### [Task details]
Everything from the line containing "rewrite EP, EQ; simpl." to the last line of the records must be returned verbatim; nothing else belongs in the output.

- - - - - - -

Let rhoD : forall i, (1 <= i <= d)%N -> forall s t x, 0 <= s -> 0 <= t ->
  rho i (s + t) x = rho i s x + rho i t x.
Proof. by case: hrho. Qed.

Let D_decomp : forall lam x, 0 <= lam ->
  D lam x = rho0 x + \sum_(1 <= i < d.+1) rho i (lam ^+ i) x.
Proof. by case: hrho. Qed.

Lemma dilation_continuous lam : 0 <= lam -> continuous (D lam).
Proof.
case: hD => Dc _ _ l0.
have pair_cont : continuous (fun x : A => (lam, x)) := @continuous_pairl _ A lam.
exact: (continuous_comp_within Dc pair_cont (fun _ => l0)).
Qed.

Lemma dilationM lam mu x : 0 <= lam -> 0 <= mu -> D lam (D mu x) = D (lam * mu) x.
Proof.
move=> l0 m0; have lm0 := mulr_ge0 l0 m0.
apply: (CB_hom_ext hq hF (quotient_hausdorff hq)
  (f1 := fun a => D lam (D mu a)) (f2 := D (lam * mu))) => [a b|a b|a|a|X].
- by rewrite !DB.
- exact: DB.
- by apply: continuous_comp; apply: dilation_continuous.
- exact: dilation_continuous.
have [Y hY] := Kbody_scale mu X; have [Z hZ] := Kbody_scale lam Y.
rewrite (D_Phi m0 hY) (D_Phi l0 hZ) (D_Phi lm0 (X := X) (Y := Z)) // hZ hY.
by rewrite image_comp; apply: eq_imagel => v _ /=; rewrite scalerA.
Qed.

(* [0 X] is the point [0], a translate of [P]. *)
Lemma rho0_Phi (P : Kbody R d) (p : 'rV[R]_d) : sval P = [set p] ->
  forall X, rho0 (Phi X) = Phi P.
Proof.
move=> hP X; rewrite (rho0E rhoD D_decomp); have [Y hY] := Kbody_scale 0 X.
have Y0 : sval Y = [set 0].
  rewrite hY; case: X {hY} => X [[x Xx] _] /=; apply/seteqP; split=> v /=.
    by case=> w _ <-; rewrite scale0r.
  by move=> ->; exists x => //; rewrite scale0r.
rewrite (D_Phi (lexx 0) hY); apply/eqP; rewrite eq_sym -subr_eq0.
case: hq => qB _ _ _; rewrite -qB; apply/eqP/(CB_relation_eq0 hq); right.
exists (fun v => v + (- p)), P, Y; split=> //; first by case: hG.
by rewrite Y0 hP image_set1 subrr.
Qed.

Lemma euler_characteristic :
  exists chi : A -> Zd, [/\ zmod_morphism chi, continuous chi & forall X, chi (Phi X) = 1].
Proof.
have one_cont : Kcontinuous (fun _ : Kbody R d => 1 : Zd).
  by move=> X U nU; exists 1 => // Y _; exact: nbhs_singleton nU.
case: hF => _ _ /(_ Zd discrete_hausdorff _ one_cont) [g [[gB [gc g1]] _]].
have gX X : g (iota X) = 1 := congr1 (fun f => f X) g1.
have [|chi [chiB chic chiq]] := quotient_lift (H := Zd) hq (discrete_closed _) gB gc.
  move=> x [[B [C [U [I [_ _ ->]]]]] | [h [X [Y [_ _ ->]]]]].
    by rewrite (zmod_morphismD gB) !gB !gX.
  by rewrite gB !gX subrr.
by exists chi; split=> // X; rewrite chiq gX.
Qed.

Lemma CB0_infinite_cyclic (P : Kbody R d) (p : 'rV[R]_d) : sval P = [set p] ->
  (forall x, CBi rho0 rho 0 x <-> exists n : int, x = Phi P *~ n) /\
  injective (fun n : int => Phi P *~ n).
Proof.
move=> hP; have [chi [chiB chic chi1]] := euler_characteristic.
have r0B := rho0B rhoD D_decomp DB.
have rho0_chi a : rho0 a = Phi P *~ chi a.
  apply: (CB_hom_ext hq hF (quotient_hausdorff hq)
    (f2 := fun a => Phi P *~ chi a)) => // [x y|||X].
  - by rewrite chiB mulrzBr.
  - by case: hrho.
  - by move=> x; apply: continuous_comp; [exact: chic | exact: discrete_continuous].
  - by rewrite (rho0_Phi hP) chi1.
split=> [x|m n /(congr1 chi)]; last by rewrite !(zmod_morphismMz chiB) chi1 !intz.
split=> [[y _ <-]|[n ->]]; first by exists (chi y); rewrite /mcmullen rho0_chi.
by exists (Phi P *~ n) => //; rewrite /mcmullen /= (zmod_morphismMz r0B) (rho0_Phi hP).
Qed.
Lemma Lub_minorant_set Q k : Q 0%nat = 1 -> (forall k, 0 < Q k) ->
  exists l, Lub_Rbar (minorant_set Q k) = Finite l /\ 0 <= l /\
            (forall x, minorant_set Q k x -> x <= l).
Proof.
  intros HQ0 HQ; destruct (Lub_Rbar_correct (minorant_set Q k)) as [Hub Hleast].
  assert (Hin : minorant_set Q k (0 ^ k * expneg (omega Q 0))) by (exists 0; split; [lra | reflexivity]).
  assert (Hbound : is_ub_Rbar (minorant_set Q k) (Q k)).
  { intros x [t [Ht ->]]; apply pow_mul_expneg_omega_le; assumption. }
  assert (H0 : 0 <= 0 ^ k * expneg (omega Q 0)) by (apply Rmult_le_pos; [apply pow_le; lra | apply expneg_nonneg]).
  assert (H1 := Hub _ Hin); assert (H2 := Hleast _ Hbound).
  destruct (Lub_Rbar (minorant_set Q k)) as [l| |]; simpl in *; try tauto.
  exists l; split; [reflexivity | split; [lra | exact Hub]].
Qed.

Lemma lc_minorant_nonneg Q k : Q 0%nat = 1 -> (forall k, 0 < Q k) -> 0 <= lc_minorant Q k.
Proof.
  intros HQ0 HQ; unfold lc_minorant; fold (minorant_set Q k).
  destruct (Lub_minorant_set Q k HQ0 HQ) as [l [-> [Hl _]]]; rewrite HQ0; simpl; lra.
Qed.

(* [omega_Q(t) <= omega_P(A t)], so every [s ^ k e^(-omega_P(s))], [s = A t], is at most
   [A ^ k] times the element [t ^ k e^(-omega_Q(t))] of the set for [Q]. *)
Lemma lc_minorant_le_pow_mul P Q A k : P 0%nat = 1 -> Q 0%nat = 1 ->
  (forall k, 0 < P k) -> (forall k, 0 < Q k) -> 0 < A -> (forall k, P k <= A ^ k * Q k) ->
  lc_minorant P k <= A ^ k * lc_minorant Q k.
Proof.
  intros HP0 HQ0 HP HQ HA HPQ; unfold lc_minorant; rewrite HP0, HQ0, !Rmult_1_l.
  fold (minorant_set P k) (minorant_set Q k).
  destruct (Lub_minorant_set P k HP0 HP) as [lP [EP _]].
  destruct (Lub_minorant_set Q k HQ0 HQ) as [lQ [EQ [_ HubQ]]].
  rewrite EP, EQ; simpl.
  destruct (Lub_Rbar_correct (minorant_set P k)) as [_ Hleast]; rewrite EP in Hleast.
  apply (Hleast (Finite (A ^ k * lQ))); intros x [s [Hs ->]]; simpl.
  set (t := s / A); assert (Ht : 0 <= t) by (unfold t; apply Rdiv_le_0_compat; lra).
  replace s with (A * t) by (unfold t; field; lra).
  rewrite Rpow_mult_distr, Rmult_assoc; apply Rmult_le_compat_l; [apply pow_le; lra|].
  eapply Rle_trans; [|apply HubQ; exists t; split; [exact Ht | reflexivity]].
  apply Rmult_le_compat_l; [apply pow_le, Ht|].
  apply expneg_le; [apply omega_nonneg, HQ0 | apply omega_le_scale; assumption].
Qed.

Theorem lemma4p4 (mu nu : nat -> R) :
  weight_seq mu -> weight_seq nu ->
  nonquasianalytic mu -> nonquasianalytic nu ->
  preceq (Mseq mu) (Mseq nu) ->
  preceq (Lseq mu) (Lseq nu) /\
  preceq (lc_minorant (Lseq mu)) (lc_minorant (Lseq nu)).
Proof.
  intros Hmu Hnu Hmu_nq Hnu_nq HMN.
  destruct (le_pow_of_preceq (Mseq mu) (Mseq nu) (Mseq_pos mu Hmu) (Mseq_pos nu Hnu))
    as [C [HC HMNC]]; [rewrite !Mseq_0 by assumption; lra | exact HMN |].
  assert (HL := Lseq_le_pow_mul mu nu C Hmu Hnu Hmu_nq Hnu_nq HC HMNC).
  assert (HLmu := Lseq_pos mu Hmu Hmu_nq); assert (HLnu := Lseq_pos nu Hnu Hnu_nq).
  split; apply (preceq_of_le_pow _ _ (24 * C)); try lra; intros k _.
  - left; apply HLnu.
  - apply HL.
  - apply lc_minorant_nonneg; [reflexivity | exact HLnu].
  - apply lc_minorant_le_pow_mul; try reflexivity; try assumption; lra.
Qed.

- - - - - - -

### [Exercise response]
  rewrite EP, EQ; simpl.
  destruct (Lub_Rbar_correct (minorant_set P k)) as [_ Hleast]; rewrite EP in Hleast.
  apply (Hleast (Finite (A ^ k * lQ))); intros x [s [Hs ->]]; simpl.
  set (t := s / A); assert (Ht : 0 <= t) by (unfold t; apply Rdiv_le_0_compat; lra).
  replace s with (A * t) by (unfold t; field; lra).
  rewrite Rpow_mult_distr, Rmult_assoc; apply Rmult_le_compat_l; [apply pow_le; lra|].
  eapply Rle_trans; [|apply HubQ; exists t; split; [exact Ht | reflexivity]].
  apply Rmult_le_compat_l; [apply pow_le, Ht|].
  apply expneg_le; [apply omega_nonneg, HQ0 | apply omega_le_scale; assumption].
Qed.

Theorem lemma4p4 (mu nu : nat -> R) :
  weight_seq mu -> weight_seq nu ->
  nonquasianalytic mu -> nonquasianalytic nu ->
  preceq (Mseq mu) (Mseq nu) ->
  preceq (Lseq mu) (Lseq nu) /\
  preceq (lc_minorant (Lseq mu)) (lc_minorant (Lseq nu)).
Proof.
  intros Hmu Hnu Hmu_nq Hnu_nq HMN.
  destruct (le_pow_of_preceq (Mseq mu) (Mseq nu) (Mseq_pos mu Hmu) (Mseq_pos nu Hnu))
    as [C [HC HMNC]]; [rewrite !Mseq_0 by assumption; lra | exact HMN |].
  assert (HL := Lseq_le_pow_mul mu nu C Hmu Hnu Hmu_nq Hnu_nq HC HMNC).
  assert (HLmu := Lseq_pos mu Hmu Hmu_nq); assert (HLnu := Lseq_pos nu Hnu Hnu_nq).
  split; apply (preceq_of_le_pow _ _ (24 * C)); try lra; intros k _.
  - left; apply HLnu.
  - apply HL.
  - apply lc_minorant_nonneg; [reflexivity | exact HLnu].
  - apply lc_minorant_le_pow_mul; try reflexivity; try assumption; lra.
Qed.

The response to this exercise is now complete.